Adverse childhood experiences (ACEs) have a profound impact on disease risk across the life course.^8^^,^^9^ There are several possible frameworks that could explain how experiences in early life alter the body’s functioning leading to the development of diseases, including obesity.^10–12^ These include sensitive or critical periods of development, chain of risk or accumulation of risk.^12^ Systematic reviews have consistently reported that people with a history of adversity in childhood had greater odds of developing obesity across the life course.^13–16^ It was noted that regardless of the method of assessment and with either continuous or categorical assessment of body weight, the association between early-life adversity and increased risk of obesity persisted.^14^ There has been a call for future research to use large, population-based samples to further explore the association between ACEs and obesity, and to explore sex differences, as it has been found that females typically report more ACEs, but it is not clear how this impacts obesity development.^13^^,^^17^
A recent systematic review exploring plausible mechanisms following exposure to ACEs to obesity development noted that the availability of data often limits the exploration of potential pathways to disease development.^13^ Expanding on the Developmental Origins of Health and Disease framework may inform pathways to obesity development, as it hypothesizes two main pathways to disease development through nutrition and stress.^5^^,^^18^ ACEs have been linked to changes in diet^19^ and increased stress,^20^ which are also linked to obesity,^21^^,^^22^ therefore making them potential mediators.

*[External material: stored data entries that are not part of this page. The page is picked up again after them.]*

(* The row [(- Y^* H^-1, I)] lists the coefficients of the monic matrix
   polynomial of degree [j] orthogonal, for the Hankel moments, to all lower
   degrees; since [R_j(a) v_j] is the block column of powers of [a], the values
   [Gamma_{1,j}(a)] and [P_{2,j}(a)] are evaluations at [a] of such polynomials,
   and the Schur complements are the positive forms [p H p^*].  Synthetic
   division by [X - a] relates the moments [c_k = b s_k - s_{k+1}] and
   [shat_k = c_{k+1} - a c_k]; it factors these positive forms through
   [Gamma_{1,j}(a)] and [Q_{2,j}(a)], which gives their invertibility and the
   Hermitian symmetries [Theta Gamma^* = Gamma Theta^*], [P Q^* = Q P^*].  The
   bordered-matrix formula identifies the increments [m_j], [l_j] of the forms
   [V^* H_j^-1 V] with [Gamma^* Khat^-1 Gamma] and [Q^* Hhat^-1 Q], and the two
   symmetries are exactly what the triangular factorizations of [d] need. *)

Section ConjTranspose.
Variable C : numClosedFieldType.

Lemma ctmxK m n (A : 'M[C]_(m, n)) : ctmx (ctmx A) = A.
Proof. by apply/matrixP => i j; rewrite !mxE conjCK. Qed.

Lemma ctmxM m n p (A : 'M[C]_(m, n)) (B : 'M[C]_(n, p)) :
  ctmx (A *m B) = ctmx B *m ctmx A.
Proof. by rewrite /ctmx map_mxM trmx_mul. Qed.

Lemma ctmxD m n (A B : 'M[C]_(m, n)) : ctmx (A + B) = ctmx A + ctmx B.
Proof. by apply/matrixP => i j; rewrite !mxE rmorphD. Qed.

Lemma ctmxN m n (A : 'M[C]_(m, n)) : ctmx (- A) = - ctmx A.
Proof. by apply/matrixP => i j; rewrite !mxE rmorphN. Qed.

Lemma ctmxB m n (A B : 'M[C]_(m, n)) : ctmx (A - B) = ctmx A - ctmx B.
Proof. by rewrite ctmxD ctmxN. Qed.

Lemma ctmx0 m n : ctmx (0 : 'M[C]_(m, n)) = 0.
Proof. by apply/matrixP => i j; rewrite !mxE rmorph0. Qed.

Lemma ctmxZ m n x (A : 'M[C]_(m, n)) : ctmx (x *: A) = x^* *: ctmx A.
Proof. by apply/matrixP => i j; rewrite !mxE rmorphM. Qed.

Lemma ctmx1 n : ctmx (1%:M : 'M[C]_n) = 1%:M.
Proof. by rewrite /ctmx map_mx1 trmx1. Qed.

Lemma ctmx_sum m n (I : finType) (F : I -> 'M[C]_(m, n)) :
  ctmx (\sum_i F i) = \sum_i ctmx (F i).
Proof.
apply/matrixP => i j; rewrite !mxE !summxE rmorph_sum; apply: eq_bigr => k _.
by rewrite !mxE.
Qed.

Lemma ctmx_unit n (A : 'M[C]_n) : (ctmx A \in unitmx) = (A \in unitmx).
Proof. by rewrite /ctmx unitmx_tr map_unitmx. Qed.

Lemma ctmx_mxcol k (p_ : 'I_k -> nat) n (F : forall i, 'M[C]_(p_ i, n)) :
  ctmx (\mxcol_i F i) = \mxrow_i ctmx (F i).
Proof. by apply/matrixP => i j; rewrite !mxE. Qed.

Lemma unitmx_form_gt0 n (A : 'M[C]_n) :
  (forall v : 'rV[C]_n, v != 0 -> 0 < (v *m A *m ctmx v) 0 0) -> A \in unitmx.
Proof.
move=> A_gt0; rewrite unitmxE unitfE; apply/negP => /det0P[v v0 vA].
by have := A_gt0 v v0; rewrite vA mul0mx mxE ltxx.
Qed.

End ConjTranspose.

Lemma bszE q j : bsz q j = (j.+1 * q)%N.
Proof. by rewrite /bsz sum_nat_const card_ord. Qed.

Lemma bsz_sig q j (s : 'I_(bsz q j)) :
  (@tagnat.sig1 j.+1 (fun _ => q) s : nat) = (s %/ q)%N /\
  (@tagnat.sig2 j.+1 (fun _ => q) s : nat) = (s %% q)%N.
Proof.
have sq : (tagnat.sig2 s < q)%N by case: (tagnat.sig2 s).
have le_s1 : (tagnat.sig1 s <= j.+1)%N by apply: ltnW; case: (tagnat.sig1 s).
have offset : (\sum_(i < j.+1 | (i < tagnat.sig1 s)%N) q = tagnat.sig1 s * q)%N.
  by rewrite (big_ord_narrow le_s1) sum_nat_const card_ord.
have -> : (s : nat) = (tagnat.sig1 s * q + tagnat.sig2 s)%N.
  by rewrite -offset; exact: tagnat.rect.
by rewrite divnMDl ?(leq_ltn_trans _ sq) // divn_small // addn0 modnMDl modn_small.
Qed.

Section BlockColumns.
Variable C : numClosedFieldType.
Implicit Types q j : nat.

Definition bcolmx q m (g : nat -> 'M[C]_(q, m)) j : 'M[C]_(bsz q j, m) :=
  @mxcol C j.+1 (fun _ => q) m (fun l => g l).

Lemma bcolE q (g : nat -> 'M[C]_q) j : bcol g j = bcolmx g j.
Proof. by []. Qed.

Lemma bcolmxE q m j (g : nat -> 'M[C]_(q, m)) s k :
  bcolmx g j s k = g (s %/ q)%N (@tagnat.sig2 j.+1 (fun _ => q) s) k.
Proof. by rewrite /bcolmx mxE (bsz_sig s).1. Qed.

Lemma bcolmxS q m j (g : nat -> 'M[C]_(q, m)) :
  bcolmx g j.+1 = castmx (esym (bszS q j), erefl) (col_mx (bcolmx g j) (g j.+1)).
Proof.
apply/matrixP => s k; rewrite castmxE bcolmxE /= mxE.
case: splitP => s' /= Es'; rewrite cast_ord_id.
  rewrite bcolmxE -Es'; congr (g _ _ k); apply/val_inj.
  by rewrite /= (bsz_sig s).2 (bsz_sig s').2 Es'.
have q_gt0 : (0 < q)%N by case: (s') => x; case: (q).
have -> : (s %/ q)%N = j.+1 by rewrite Es' bszE divnMDl // divn_small ?addn0.
congr (g _ _ k); apply/val_inj.
by rewrite /= (bsz_sig s).2 Es' bszE modnMDl modn_small.
Qed.

Lemma eq_bcolmx q m j (f g : nat -> 'M[C]_(q, m)) :
  (forall l, (l <= j)%N -> f l = g l) -> bcolmx f j = bcolmx g j.
Proof. by move=> fg; apply: eq_mxcol => l; apply: fg; rewrite -ltnS. Qed.

Lemma bcolmxD q m j (f g : nat -> 'M[C]_(q, m)) :
  bcolmx f j + bcolmx g j = bcolmx (fun l => f l + g l) j.
Proof. by rewrite /bcolmx mxcolD. Qed.

Lemma bcolmxZ q m j x (f : nat -> 'M[C]_(q, m)) :
  x *: bcolmx f j = bcolmx (fun l => x *: f l) j.
Proof. by apply/matrixP => s t; rewrite !mxE. Qed.

Lemma bcolmx_mul q m n j (g : nat -> 'M[C]_(q, m)) (A : 'M[C]_(m, n)) :
  bcolmx g j *m A = bcolmx (fun l => g l *m A) j.
Proof. by rewrite /bcolmx mxcol_mul. Qed.

Lemma bcolmx_blocks q m j (x : 'M[C]_(bsz q j, m)) :
  x = bcolmx (fun k => @submxcol C j.+1 (fun _ => q) m x (inord k)) j.
Proof. by rewrite -{1}[x]submxcolK; apply: eq_mxcol => k /=; rewrite inord_val. Qed.

Lemma bcolmxK q m j (g : nat -> 'M[C]_(q, m)) k : (k <= j)%N ->
  @submxcol C j.+1 (fun _ => q) m (bcolmx g j) (inord k) = g k.
Proof. by move=> le_kj; rewrite /bcolmx mxcolK inordK. Qed.

Lemma mul_mx_bcolmx q m j (X : 'M[C]_(q, bsz q j)) (g : nat -> 'M[C]_(q, m)) :
  X *m bcolmx g j = \sum_(k < j.+1) submxrow X k *m g k.
Proof. by rewrite -{1}[X]submxrowK mul_mxrow_mxcol. Qed.

Lemma mul_ctmx_bcolmx q m n j (f : nat -> 'M[C]_(q, n)) (g : nat -> 'M[C]_(q, m)) :
  ctmx (bcolmx f j) *m bcolmx g j = \sum_(k < j.+1) ctmx (f k) *m g k.
Proof. by rewrite /bcolmx ctmx_mxcol mul_mxrow_mxcol. Qed.

Lemma mul_bhankel_bcolmx q m j (h : nat -> 'M[C]_q) (g : nat -> 'M[C]_(q, m)) :
  bhankel h j *m bcolmx g j = bcolmx (fun l => \sum_(k < j.+1) h (l + k)%N *m g k) j.
Proof. by rewrite /bhankel mul_mxblock_mxrow. Qed.

Lemma mul_rowXI_bcolmx q j (X : 'M[C]_(q, bsz q j)) m (g : nat -> 'M[C]_(q, m)) :
  rowXI X *m bcolmx g j.+1 = X *m bcolmx g j + g j.+1.
Proof.
rewrite /rowXI bcolmxS.
have cast_mul n p (e : n = p) (Y : 'M[C]_(q, n)) (Z : 'M[C]_(n, m)) :
    castmx (erefl, e) Y *m castmx (e, erefl) Z = Y *m Z by case: p / e.
by rewrite cast_mul mul_row_col mul1mx.
Qed.

End BlockColumns.

Section Resolvent.
Variables (C : numClosedFieldType) (q : nat).

Lemma mxblock1 j :
  (1%:M : 'M[C]_(bsz q j)) =
  @mxblock C j.+1 j.+1 (fun _ => q) (fun _ => q)
    (fun l k => if (l : nat) == k then 1%:M else 0).
Proof.
rewrite -(mxdiagZ (p_ := fun _ : 'I_j.+1 => q) 1) /mxdiag.
by apply: eq_mxblock => l k; rewrite conform_mx_id.
Qed.

Lemma mul_shift_bcolmx j z m (g : nat -> 'M[C]_(q, m)) :
  (1%:M - z *: Tm C q j) *m bcolmx g j =
  bcolmx (fun l => g l - (if l is l'.+1 then z *: g l' else 0)) j.
Proof.
have -> : 1%:M - z *: Tm C q j = @mxblock C j.+1 j.+1 (fun _ => q) (fun _ => q)
    (fun l k => (if (l : nat) == k then 1%:M else 0)
                - z *: (if (l : nat) == k.+1 then 1%:M else 0)).
  by rewrite mxblock1 /Tm; apply/matrixP => s t; rewrite !mxE.
rewrite mul_mxblock_mxrow; apply: eq_mxcol => l.
under eq_bigr do rewrite mulmxBl -scalemxAl.
rewrite sumrB -scaler_sumr.
have pick k0 : \sum_(i < j.+1) (if k0 == (i : nat) then 1%:M else 0) *m g i =
               if (k0 < j.+1)%N then g k0 else 0.
  rewrite (eq_bigr (fun i : 'I_j.+1 => if (i : nat) == k0 then g i else 0)).
    by rewrite -big_mkcond big_ord1_eq.
  by move=> i _; rewrite eq_sym; case: eqP; rewrite ?mul1mx ?mul0mx.
rewrite pick ltn_ord; case: l => [[|l] lt_lj] /=.
  by rewrite big1 ?scaler0 // => i _; rewrite mul0mx.
under eq_bigr do rewrite eqSS.
by rewrite pick (ltn_trans _ lt_lj).
Qed.

Definition horner_part m (z : C) (g : nat -> 'M[C]_(q, m)) (l : nat) :=
  \sum_(k < l.+1) z ^+ (l - k) *: g k.

Lemma horner_part0 m z (g : nat -> 'M[C]_(q, m)) : horner_part z g 0 = g 0.
Proof. by rewrite /horner_part big_ord1 expr0 scale1r. Qed.

Lemma horner_partS m z (g : nat -> 'M[C]_(q, m)) l :
  horner_part z g l.+1 = z *: horner_part z g l + g l.+1.
Proof.
rewrite /horner_part big_ord_recr /= subnn expr0 scale1r scaler_sumr; congr (_ + _).
by apply: eq_bigr => i _; rewrite scalerA -exprS subSn // -ltnS.
Qed.

Lemma mul_shift_horner_part j z m (g : nat -> 'M[C]_(q, m)) :
  (1%:M - z *: Tm C q j) *m bcolmx (horner_part z g) j = bcolmx g j.
Proof.
rewrite mul_shift_bcolmx; apply: eq_bcolmx => -[|l] _; first by rewrite horner_part0 subr0.
by rewrite horner_partS addrC addKr.
Qed.

Lemma shift_unit j z : 1%:M - z *: Tm C q j \in unitmx.
Proof.
pose L := @mxrow C j.+1 (fun _ => q) (bsz q j) (fun k =>
  bcolmx (horner_part z (fun l => if l == (k : nat) then 1%:M else 0)) j).
suff : (1%:M - z *: Tm C q j) *m L = 1%:M by case/mulmx1_unit.
rewrite /L mul_mxrow [RHS]mxblock1 mxblockEh; apply: eq_mxrow => k.
by rewrite mul_shift_horner_part.
Qed.

Lemma Rm_bcolmx j z m (g : nat -> 'M[C]_(q, m)) :
  Rm q j z *m bcolmx g j = bcolmx (horner_part z g) j.
Proof. by rewrite /Rm -(mul_shift_horner_part j z g) mulKmx ?shift_unit. Qed.

End Resolvent.

Lemma sum_ord_trunc (V : zmodType) n j (F : nat -> V) : (j <= n)%N ->
  (forall l, (j < l)%N -> F l = 0) -> \sum_(l < n.+1) F l = \sum_(l < j.+1) F l.
Proof.
move=> le_jn F0; rewrite -!(big_mkord xpredT) (big_cat_nat _ (n := j.+1)) //=.
rewrite [X in _ + X]big1_seq ?addr0 // => i /andP[_].
by rewrite mem_index_iota => /andP[lt_ji _]; exact: F0.
Qed.

Section HankelForms.
Variables (C : numClosedFieldType) (q : nat).
Implicit Types h F : nat -> 'M[C]_q.

Lemma bhankel_form h j m n (f : nat -> 'M[C]_(q, m)) (g : nat -> 'M[C]_(q, n)) :
  ctmx (bcolmx f j) *m bhankel h j *m bcolmx g j =
  \sum_(l < j.+1) \sum_(k < j.+1) ctmx (f l) *m h (l + k)%N *m g k.
Proof.
rewrite -mulmxA mul_bhankel_bcolmx mul_ctmx_bcolmx; apply: eq_bigr => l _.
by rewrite mulmx_sumr; apply: eq_bigr => k _; rewrite mulmxA.
Qed.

Thus, the objectives of this study were to evaluate the association between ACEs and obesity in adults aged 46–90 years in Canada and to investigate whether the association between ACEs and obesity was mediated by nutrition and stress using causal mediation methods. Sex differences were also examined.

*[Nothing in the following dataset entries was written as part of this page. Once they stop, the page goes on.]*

Lemma integralT_pgauss_hermite_fun_poly_sqr n :
  (\int[mu]_(t in setT) (pgauss (hermite_fun_poly n ^+ 2) t)%:E)%E =
  (hermite_sqnorm n)^-1%:E.
Proof.
set c := hermite_sqnorm n; have c0 : 0 < c := hermite_sqnorm_gt0 n.
apply: integralT_symseg; [exact: continuous_pgauss | exact: pgauss_sqr_ge0 |].
under eq_fun do under eq_Rintegral do rewrite exprZn pgaussZ.
under eq_fun do rewrite (Rintegral_symsegZl _ _ _ (continuous_pgauss _)).
have sq : ((-1) ^+ n / c) ^+ 2 = c ^- 2.
  by rewrite exprMn -exprM mulnC exprM sqrrN !expr1n mul1r exprVn.
under eq_fun do rewrite sq.
have -> : c^-1 = c ^- 2 * c by field; rewrite gt_eqF.
by apply: cvgM; [exact: cvg_cst | exact: cvg_Rintegral_symseg_gauss_poly_sqr].
Qed.

Lemma integralT_pgauss_moment_le i : (0 < i)%N ->
  (\int[mu]_(t in setT) (pgauss ((i`!%:R^-1 *: 'X^i) ^+ 2) t)%:E <=
   (i`!%:R^-1)%:E)%E.
Proof.
move=> i0; have f0 : 0 < i`!%:R :> R by rewrite ltr0n fact_gt0.
apply: integralT_le_symseg => [|x|k]; [exact: continuous_pgauss | exact: pgauss_sqr_ge0 |].
under eq_Rintegral do rewrite exprZn pgaussZ /pgauss -exprM muln2 hornerXn.
rewrite (Rintegral_symsegZl _ _ _ (continuous_exprn_gauss _)).
apply: le_trans (ler_wpM2l _ (Rintegral_symseg_moment_le i k i0)) _.
  by rewrite sqr_ge0.
have -> : i`!%:R^-1 ^+ 2 * (i`!%:R / 2 * Num.sqrt pi) = i`!%:R^-1 * (Num.sqrt pi / 2) :> R.
  by field; rewrite gt_eqF.
rewrite -[X in _ <= X]mulr1; apply: ler_wpM2l; first by rewrite invr_ge0 ltW.
by rewrite ler_pdivrMr // mul1r sqrt_pi_le2.
Qed.
End hermite_fun.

A longitudinal was conducted study using data from the Canadian Longitudinal Study on Aging (CLSA). The CLSA has collected data on >50 000 community dwelling adults from Canada. The complete description of the methodology of the CLSA can be found elsewhere.^23^ Briefly, participants were recruited using a population-based sampling strategy. People who resided in the 10 Canadian provinces could complete interviews in either English or French, did not reside in an institution or on a Federal First Nations reserve, were not a full-time member of the Canadian Armed forces and were cognitively able to participate on their own were eligible for inclusion. This study uses data collected at baseline (2011–15) and Follow-up 1 (2015–18). The CLSA has two the Tracking Cohort (n = 21 241) and the Comprehensive Cohort (n = 30 097), which vary in how data were collected. Only participants in the Comprehensive Cohort were eligible for inclusion in this study, as they provided anthropometric measures to define obesity, as well as biomarkers that were used to generate the measure of stress. Ethics approval for the current study was obtained from the Hamilton Integrated Research Ethics Board on 24 November 2020.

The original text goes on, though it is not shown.